The original Sweepstakes, restored and on exhibit at The Henry Ford.

1901 Ford Race Car "Sweepstakes"
Auto companies often justify their participation in auto racing by quoting the slogan "Win on Sunday, sell on Monday." When Henry Ford raced November's Pic of the Month, it was a case of win on Sunday to start another company on Monday.

In the summer of 1901 things were not going well for Henry. His first car company, the Detroit Automobile Company, had failed, and his financial backers had doubts about his talents as an engineer and as a businessman. Building a successful race car would re-establish his credibility.

Ford didn't work alone. His principal designer was Oliver Barthel. Ed "Spider" Huff worked on the electrical system, Ed Verlinden and George Wettrick did the lathe work, and Charlie Mitchell shaped metal at the blacksmith forge. The car they produced was advanced for its day. The induction system was a rudimentary form of mechanical fuel injection, patented by Ford, while the spark plugs may have been the first anywhere to use porcelain insulators. Ford had the insulators made by a Detroit dentist. The engine had only two cylinders, but they were huge: bore and stroke were seven inches each. That works out to a displacement of 538 cubic inches; horsepower was estimated at 26. Ford and Barthel claimed the car reached 72 miles per hour during its road tests. That doesn't sound impressive today, but in 1901 the official world speed record for automobiles was 65.79 miles per hour.
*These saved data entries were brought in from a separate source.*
(* Let $k$ be a field and $O=k\langle z_1,z_2\rangle/(z_2^2z_1,\ z_2z_1^3,\ z_2z_1z_2z_1^2)$, graded with $\deg z_1=\deg z_2=1$. Then the Hilbert series of $O$ is $H_O(t)=\frac{1}{(1-t)^2(1-t^2)(1-t^3)}$.
   Context: The Hilbert series of a graded vector space $M=\bigoplus M_i$ is $H_M(t)=\sum_i(\dim_kM_i)t^i$. *)

From HB Require Import structures.
From mathcomp Require Import all_boot all_order all_algebra.
From mathcomp Require Import finmap.
From mathcomp.multinomials Require Import monalg.

Set Implicit Arguments.
Unset Strict Implicit.
Unset Printing Implicit Defensive.

Import Order.TTheory GRing.Theory Num.Theory.
Local Open Scope ring_scope.

(* The free associative algebra k<z_1, z_2> : the monoid algebra of the free
   monoid on two letters ('I_2; letter 0 is z_1, letter 1 is z_2). *)
Definition freealg2 (k : fieldType) := {malg k[{fmonom 'I_2}]}.

Definition z1 (k : fieldType) : freealg2 k := << fmu (0 : 'I_2) >>.
Definition z2 (k : fieldType) : freealg2 k := << fmu (1 : 'I_2) >>.

Definition in_ideal2 (A : ringType) (S : seq A) (f : A) : Prop :=
  exists l : seq (A * A * A),
    all (fun t => t.1.2 \in S) l /\ f = \sum_(t <- l) t.1.1 * t.1.2 * t.2.

Definition homog (k : fieldType) (n : nat) (f : freealg2 k) : Prop :=
  forall w : {fmonom 'I_2}, size (w : seq 'I_2) != n -> f@_w = 0.

(* [quot_dim S n d] : the degree-n component of the graded quotient
   k<z_1,z_2> / (S)  (S a list of homogeneous elements) has dimension d over k:
   there are d homogeneous elements of degree n whose classes form a k-basis
   of the degree-n component of the quotient. *)
Definition quot_dim (k : fieldType) (S : seq (freealg2 k)) (n d : nat) : Prop :=
  exists b : 'I_d -> freealg2 k,
    [/\ forall i, homog n (b i),
        (forall c : 'I_d -> k,
            in_ideal2 S (\sum_i (c i)%:MP * b i) -> forall i, c i = 0) &
        (forall f, homog n f ->
            exists c : 'I_d -> k, in_ideal2 S (f - \sum_i (c i)%:MP * b i))].

Definition O_rels (k : fieldType) : seq (freealg2 k) :=
  [:: z2 k * z2 k * z1 k;
      z2 k * z1 k * z1 k * z1 k;
      z2 k * z1 k * z2 k * z1 k * z1 k].

(* A formal power series h (coefficients h n) equals 1 / p(t) for a
   polynomial p with p(0) = 1, i.e. h * p = 1 as formal power series. *)
Definition series_is_inv (h : nat -> int) (p : {poly int}) : Prop :=
  forall n : nat, \sum_(j < n.+1) p`_j * h (n - j)%N = (n == 0%N)%:R.

Definition denom_O : {poly int} :=
  (1 - 'X) ^+ 2 * (1 - 'X ^+ 2) * (1 - 'X ^+ 3).

From HB Require Import structures.
From mathcomp Require Import all_boot all_order all_algebra.
From mathcomp Require Import finmap.
From mathcomp.multinomials Require Import monalg.
From mathcomp Require Import ring.

(* The relations of O are monomials, so the classes of the words containing
   none of z2^2z1, z2z1^3, z2z1z2z1^2 as a factor (the normal words) form a
   basis of O, and dim O_n is the number of normal words of length n.
   Every normal word factors uniquely as z1^a (z2z1^2)^b (z2z1)^c z2^d.
   Sorting the words by whether they start with z1, then with z2z1^2, then
   with z2z1 shows that multiplying the generating series of the normal words
   successively by 1-t, 1-t^3 and 1-t^2 leaves that of the words z2^d, which
   is 1/(1-t). *)

Set Implicit Arguments.
Unset Strict Implicit.
Unset Printing Implicit Defensive.
Import GRing.Theory.
Local Open Scope ring_scope.

Section Words.
Variable I : finType.
Implicit Types (u v w : seq I) (P : pred (seq I)).

Fixpoint words n : seq (seq I) :=
  if n is m.+1 then [seq x :: w | x <- enum I, w <- words m] else [:: [::]].

Lemma mem_words n w : (w \in words n) = (size w == n).
Proof.
elim: n w => [|n IHn] [|x w] //=.
  by apply/allpairsP => -[[y v] [_ _]].
apply/allpairsP/idP => [[[y v] [_ /= + [_ ->]]]|]; first by rewrite IHn.
by rewrite eqSS => sz_w; exists (x, w); rewrite mem_enum IHn.
Qed.

Lemma words_uniq n : uniq (words n).
Proof.
elim: n => //= n IHn; apply: allpairs_uniq; rewrite ?enum_uniq //.
by move=> [x v] [y w] _ _ /= [-> ->].
Qed.

Lemma count_words_prefix u P n :
  count P (words (size u + n)) =
  (count (fun v => P (u ++ v)) (words n) +
   count (fun w => ~~ prefix u w && P w) (words (size u + n)))%N.
Proof.
have cat_inj : injective (cat u) by elim: u => // x u IHu v w [/IHu].
have prefix_words : perm_eq (filter (prefix u) (words (size u + n)))
                            (map (cat u) (words n)).
  apply: uniq_perm; rewrite ?filter_uniq ?map_inj_uniq ?words_uniq // => w.
  rewrite mem_filter mem_words; apply/andP/mapP => [[/prefixP[v ->]]|[v]].
    by rewrite size_cat eqn_add2l -mem_words; exists v.
  by rewrite mem_words => /eqP sz_v ->; rewrite prefix_prefix size_cat sz_v.
rewrite -size_filter -(count_predC (prefix u)) !count_filter; congr (_ + _)%N.
rewrite -(count_map (cat u)) -(permP prefix_words) count_filter.
by apply: eq_count => w; rewrite /= andbC.
Qed.

Lemma count_words_short_prefix u P n : (n < size u)%N ->
  count (fun w => ~~ prefix u w && P w) (words n) = count P (words n).
Proof.
move=> lt_n_u; apply: eq_in_count => w; rewrite mem_words => /eqP sz_w.
case: prefixP => [[v w_eq]|//].
by move: lt_n_u; rewrite -sz_w w_eq size_cat ltnNge leq_addr.
Qed.

Lemma count_words_nseq x n :
  count (fun w => w == nseq (size w) x) (words n) = 1%N.
Proof.
have <- : count_mem (nseq n x) (words n) = 1%N.
  by rewrite count_uniq_mem ?words_uniq // mem_words size_nseq eqxx.
by apply: eq_in_count => w; rewrite mem_words => /eqP ->.
Qed.

End Words.

Arguments count_words_short_prefix {I} u P {n}.

Section NormalWords.
Variable I : eqType.
Implicit Types (rels : seq (seq I)) (w : seq I).

Definition normal_word rels w : bool := all (fun r => ~~ infix r w) rels.

Lemma normal_word_cons rels x w :
  normal_word rels (x :: w) =
  all (fun r => ~~ prefix r (x :: w)) rels && normal_word rels w.
Proof. by rewrite /normal_word -all_predI; apply: eq_all => r /=; rewrite negb_or. Qed.

End NormalWords.

Section TwoSidedIdeal.
Variables (A : ringType) (S : seq A).

Lemma in_ideal2_0 : in_ideal2 S 0.
Proof. by exists [::]; rewrite big_nil. Qed.

Lemma in_ideal2D f g : in_ideal2 S f -> in_ideal2 S g -> in_ideal2 S (f + g).
Proof.
move=> [l [Sl ->]] [l' [Sl' ->]]; exists (l ++ l').
by rewrite all_cat Sl Sl' big_cat.
Qed.

Lemma in_ideal2_gen a s b : s \in S -> in_ideal2 S (a * s * b).
Proof. by move=> Ss; exists [:: (a, s, b)]; rewrite /= Ss big_seq1. Qed.

End TwoSidedIdeal.

Section MonomialIdeals.
Variables (R : ringType) (I : choiceType).
Implicit Types (rels : seq (seq I)) (f a b : {malg R[{fmonom I}]}).

Definition monomials rels : seq {malg R[{fmonom I}]} :=
  [seq << FMonom r >> | r <- rels].

Lemma malgMU (m1 m2 : {fmonom I}) :
  << m1 >> * << m2 >> = << FMonom (m1 ++ m2) >> :> {malg R[{fmonom I}]}.
Proof. by rewrite malgM_def fgmulUU mulr1 -fmM fmK. Qed.

Lemma mcoeff_mulU_notinfix a b (r : seq I) (m : {fmonom I}) :
  ~~ infix r m -> (a * << FMonom r >> * b)@_m = 0.
Proof.
move=> r_m; rewrite mcoeffMl big1 // => m1 _; rewrite big1 // => m2 _.
case: eqP => [m_eq|]; last by rewrite mulr0n.
rewrite mcoeffMl big1 ?mul0r ?mul0rn // => m3 _; rewrite big1 // => m4 _.
rewrite mcoeffU1; case: eqP => [r_eq|]; last by rewrite mulr0 mul0rn.
case: eqP => [m34_eq|]; last by rewrite mulr0n.
case/negP: r_m; rewrite -m_eq -m34_eq -r_eq !fmM /=.
exact: infix_trans (suffix_infix m3 r) (prefix_infix _ m2).
Qed.

Lemma in_monomial_idealP rels f :
  in_ideal2 (monomials rels) f <->
  (forall m : {fmonom I}, normal_word rels m -> f@_m = 0).
Proof.
split=> [[l [/allP rels_l ->]] m normal_m|f_normal].
  rewrite raddf_sum big1_seq //= => t /rels_l /mapP[r r_rels t_eq].
  by rewrite t_eq mcoeff_mulU_notinfix // (allP normal_m).
rewrite (monalgE f) big_seq.
apply: big_ind => [|g h|m _]; [exact: in_ideal2_0 | exact: in_ideal2D |].
have [normal_m|] := boolP (normal_word rels m).
  have -> : << f@_m *g m >> = 0 by rewrite f_normal // monalgU0.
  exact: in_ideal2_0.
rewrite -has_predC => /hasP[r r_rels /negPn /infixP[u [v m_eq]]].
have -> : << f@_m *g m >> =
          (f@_m)%:MP * << FMonom u >> * << FMonom r >> * << FMonom v >>.
  have -> : << f@_m *g m >> = (f@_m)%:MP * << m >>.
    by apply/malgP => m'; rewrite mcoeffCM !mcoeffU mulr_natr.
  by rewrite -!mulrA !malgMU; congr (_ * << _ >>); apply: val_inj; rewrite /= m_eq.
by apply: in_ideal2_gen; apply: map_f.
Qed.

End MonomialIdeals.

Section MonomialCombinations.
Variables (R : ringType) (K : monomType) (d : nat) (mon : 'I_d -> K).
Implicit Types (c : 'I_d -> R) (m : K).

Lemma mcoeff_sumU c m :
  (\sum_i (c i)%:MP * << mon i >> : {malg R[K]})@_m = \sum_i c i * (mon i == m)%:R.
Proof. by rewrite raddf_sum; apply: eq_bigr => i _ /=; rewrite mcoeffCM mcoeffU1. Qed.

Lemma mcoeff_sumU_mon c j : injective mon ->
  (\sum_i (c i)%:MP * << mon i >> : {malg R[K]})@_(mon j) = c j.
Proof.
move=> mon_inj; rewrite mcoeff_sumU (bigD1 j) //= eqxx mulr1 big1 ?addr0 // => i ij.
by rewrite (inj_eq mon_inj) (negbTE ij) mulr0.
Qed.

Lemma mcoeff_sumU_notin c m : (forall i, mon i != m) ->
  (\sum_i (c i)%:MP * << mon i >> : {malg R[K]})@_m = 0.
Proof. by move=> mon_m; rewrite mcoeff_sumU big1 // => i _; rewrite (negbTE (mon_m i)) mulr0. Qed.

End MonomialCombinations.

Lemma quot_dim_monomial (k : fieldType) (rels : seq (seq 'I_2)) n :
  quot_dim (monomials k rels) n (count (normal_word rels) (words 'I_2 n)).
Proof.
rewrite -size_filter; set L := filter _ _.
have memL w : (w \in L) = normal_word rels w && (size w == n).
  by rewrite mem_filter mem_words.
pose mL (i : 'I_(size L)) : {fmonom 'I_2} := FMonom (nth [::] L i).
have mL_normal i : normal_word rels (mL i) && (size (mL i) == n).
  by rewrite -memL mem_nth.
have mL_inj : injective mL.
  move=> i j [] /eqP; rewrite nth_uniq ?filter_uniq ?words_uniq //.
  by move/eqP/val_inj.
exists (fun i => << mL i >>); split.
- move=> i w w_n; rewrite mcoeffU1; case: eqP => // mL_w.
  by move: w_n; rewrite -mL_w; case/andP: (mL_normal i) => _ ->.
- move=> c /in_monomial_idealP comb_normal i.
  rewrite -(mcoeff_sumU_mon c i mL_inj) comb_normal //.
  by case/andP: (mL_normal i).
move=> f f_n; exists (fun i => f@_(mL i)); apply/in_monomial_idealP => m normal_m.
rewrite mcoeffB; have [m_L|m_L] := boolP ((m : seq 'I_2) \in L).
  have -> : m = mL (Ordinal (etrans (index_mem _ _) m_L)).
    by rewrite /mL /= nth_index // fmK.
  by rewrite mcoeff_sumU_mon // subrr.
have m_n : size m != n by rewrite memL normal_m in m_L.
rewrite f_n // mcoeff_sumU_notin ?subr0 // => i.
by apply: contraNneq m_L => <-; rewrite memL.
Qed.

Definition series_mul (p : {poly int}) (h : nat -> int) (n : nat) : int :=
  \sum_(j < n.+1) p`_j * h (n - j)%N.

Lemma series_mulE p h N n : (n <= N)%N ->
  series_mul p h n = (p * \poly_(i < N.+1) h i)`_n.
Proof.
move=> le_nN; rewrite coefM; apply: eq_bigr => j _.
by rewrite coef_poly ltnS (leq_trans (leq_subr _ _) le_nN).
Qed.

Lemma eq_series_mul p h g : h =1 g -> series_mul p h =1 series_mul p g.
Proof. by move=> eq_hg n; apply: eq_bigr => j _; rewrite eq_hg. Qed.

Lemma series_mulM p q h n :
  series_mul (p * q) h n = series_mul q (series_mul p h) n.
Proof.
rewrite (series_mulE _ _ (leqnn n)) -mulrA mulrCA coefM.
by apply: eq_bigr => j _; rewrite -series_mulE ?leq_subr.
Qed.

Lemma series_is_invM p q h g :
  series_mul p h =1 g -> series_is_inv g q -> series_is_inv h (p * q).
Proof.
move=> ph_g q_inv n; rewrite -[LHS]/(series_mul _ _ _) series_mulM.
by rewrite (eq_series_mul _ ph_g); apply: q_inv.
Qed.

Lemma series_mul_1subXn m h g :
    (forall n, (n < m)%N -> h n = g n) ->
    (forall n, h (m + n)%N = g (m + n)%N + h n) ->
  series_mul (1 - 'X^m) h =1 g.
Proof.
move=> h_small h_rec n; rewrite (series_mulE _ _ (leqnn n)) mulrBl mul1r coefB.
rewrite coefXnM coef_poly ltnSn; case: ltnP => [/h_small -> | le_mn].
  by rewrite subr0.
by rewrite coef_poly ltnS leq_subr -{1}(subnKC le_mn) h_rec addrK subnKC.
Qed.

Lemma series_is_inv_1subX : series_is_inv (fun=> 1) (1 - 'X).
Proof. by apply: (series_mul_1subXn (m := 1)) => [[] | n]; rewrite ?add0r. Qed.

Definition x1 : 'I_2 := 0.
Definition x2 : 'I_2 := 1.

Lemma letterP (x : 'I_2) : x = x1 \/ x = x2.
Proof. by case: x => -[|[|//]] lt_x2; [left | right]; apply: val_inj. Qed.

Definition O_words : seq (seq 'I_2) :=
  [:: [:: x2; x2; x1]; [:: x2; x1; x1; x1]; [:: x2; x1; x2; x1; x1]].

Lemma O_relsE (k : fieldType) : O_rels k = monomials k O_words.
Proof. by rewrite /O_rels /z1 /z2 !fmuE; congr [:: _; _; _]; rewrite !malgMU. Qed.

Notation normal_O := (normal_word O_words).

(* In the factorisation z1^a (z2z1^2)^b (z2z1)^c z2^d of a normal word,
   normal_O_a0 selects a = 0 and normal_O_ab0 selects a = b = 0. *)
Definition normal_O_a0 (w : seq 'I_2) := ~~ prefix [:: x1] w && normal_O w.
Definition normal_O_ab0 (w : seq 'I_2) :=
  ~~ prefix [:: x2; x1; x1] w && normal_O_a0 w.

Lemma normal_O_x1 w : normal_O (x1 :: w) = normal_O w.
Proof. by rewrite normal_word_cons. Qed.

Lemma normal_O_x2x2 w : normal_O [:: x2, x2 & w] = (w == nseq (size w) x2).
Proof.
elim: w => [|x w IHw] //; case: (letterP x) => ->.
  by rewrite normal_word_cons /= ?prefix0s ?eqseq_cons.
by rewrite normal_word_cons IHw eqseq_cons.
Qed.

Lemma normal_O_a0_x2x1x1 w : normal_O_a0 [:: x2, x1, x1 & w] = normal_O_a0 w.
Proof.
rewrite /normal_O_a0 !normal_word_cons /=.
by case: w => [|x w] //; case: (letterP x) => -> //=; rewrite prefix0s.
Qed.

Lemma normal_O_ab0_x2x1 w : normal_O_ab0 [:: x2, x1 & w] = normal_O_ab0 w.
Proof.
rewrite /normal_O_ab0 /normal_O_a0 !normal_word_cons /=.
by case: w => [|x w] //; case: (letterP x) => -> //=; rewrite ?prefix0s ?andbT.
Qed.

Lemma normal_O_ab0_nseq w :
  ~~ prefix [:: x2; x1] w && normal_O_ab0 w = (w == nseq (size w) x2).
Proof.
case: w => [|x [|y w]] //; case: (letterP x) => -> //.
case: (letterP y) => -> /=; rewrite ?prefix0s //.
by rewrite /normal_O_ab0 /normal_O_a0 normal_O_x2x2 !eqseq_cons.
Qed.

Definition nwords (P : pred (seq 'I_2)) (n : nat) : int :=
  (count P (words 'I_2 n))%:Z.

Lemma series_mul_normal_O :
  series_mul (1 - 'X) (nwords normal_O) =1 nwords normal_O_a0.
Proof.
apply: (series_mul_1subXn (m := 1)) => [n lt_n1 | n]; rewrite /nwords.
  by rewrite -(count_words_short_prefix [:: x1] _ lt_n1).
by rewrite (count_words_prefix [:: x1]) (eq_count normal_O_x1) PoszD addrC.
Qed.

Lemma series_mul_normal_O_a0 :
  series_mul (1 - 'X^3) (nwords normal_O_a0) =1 nwords normal_O_ab0.
Proof.
apply: series_mul_1subXn => [n lt_n3 | n]; rewrite /nwords.
  by rewrite -(count_words_short_prefix [:: x2; x1; x1] _ lt_n3).
rewrite (count_words_prefix [:: x2; x1; x1]) (eq_count normal_O_a0_x2x1x1).
by rewrite PoszD addrC.
Qed.

Lemma series_mul_normal_O_ab0 :
  series_mul (1 - 'X^2) (nwords normal_O_ab0) =1 fun=> 1.
Proof.
apply: series_mul_1subXn => [n lt_n2 | n]; rewrite /nwords.
  rewrite -(count_words_short_prefix [:: x2; x1] _ lt_n2).
  by rewrite (eq_count normal_O_ab0_nseq) count_words_nseq.
rewrite (count_words_prefix [:: x2; x1]) (eq_count normal_O_ab0_x2x1).
by rewrite (eq_count normal_O_ab0_nseq) count_words_nseq PoszD addrC.
Qed.

Theorem lemma7p3 (k : fieldType) :
  exists h : nat -> nat,
    (forall n, quot_dim (O_rels k) n (h n)) /\
    series_is_inv (fun n => (h n)%:Z) denom_O.
Proof.
exists (fun n => count normal_O (words 'I_2 n)); split=> [n|].
  by rewrite O_relsE; apply: quot_dim_monomial.
have -> : denom_O = (1 - 'X) * ((1 - 'X^3) * ((1 - 'X^2) * (1 - 'X))).
  by rewrite /denom_O; ring.
apply: (series_is_invM series_mul_normal_O).
apply: (series_is_invM series_mul_normal_O_a0).
exact: (series_is_invM series_mul_normal_O_ab0 series_is_inv_1subX).
Qed.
Ford entered the car in a race that took place on October 10, 1901, at a horse racing track in Grosse Pointe, Michigan. The race was known as a sweepstakes, so Sweepstakes was the name that Ford and Barthel gave their car. Henry's opponent in the race was Alexander Winton, who was already a successful auto manufacturer, and the country's best known race driver. No one gave the inexperienced, unknown Ford a chance.

When the race began Ford fell behind immediately, trailing by as much as 300 yards. But Henry improved his driving technique quickly, gradually cutting into Winton's lead. Then Winton's car developed mechanical trouble, and Ford swept past him on the main straightaway, as the crowd roared its approval.

Henry's wife Clara described the scene in a letter to her brother: "The people went wild. One man threw his hat up and when it came down he stamped on it. Another man had to hit his wife on the head to keep her from going off the handle. She stood up in her seat ... screamed "I'd bet $50 on Ford if I had it.'"

Henry Ford's victory had the desired effect. New investors backed Ford in his next venture, the Henry Ford Company. Yet he was not home free. He disagreed with his financiers, left the company in 1902, and finally formed his lasting enterprise, Ford Motor Company, in 1903.

Ford sold Sweepstakes in May of 1902, but eventually bought it back in the 1930s. He had a new body built to replace the original that had been damaged in a fire, and displayed the historic vehicle in Henry Ford Museum. Unfortunately Ford did not keep good records of his restoration, and over time Museum staff came to believe that the car was not an original, but a replica. It was not until the approach of the 1901 race's 100th anniversary that the car was closely examined and its originality verified. Using Sweepstakes as a pattern, Ford Motor Company built two running replicas. The original car, one of the world's oldest surviving race cars, has been proudly returned to display at The Henry Ford.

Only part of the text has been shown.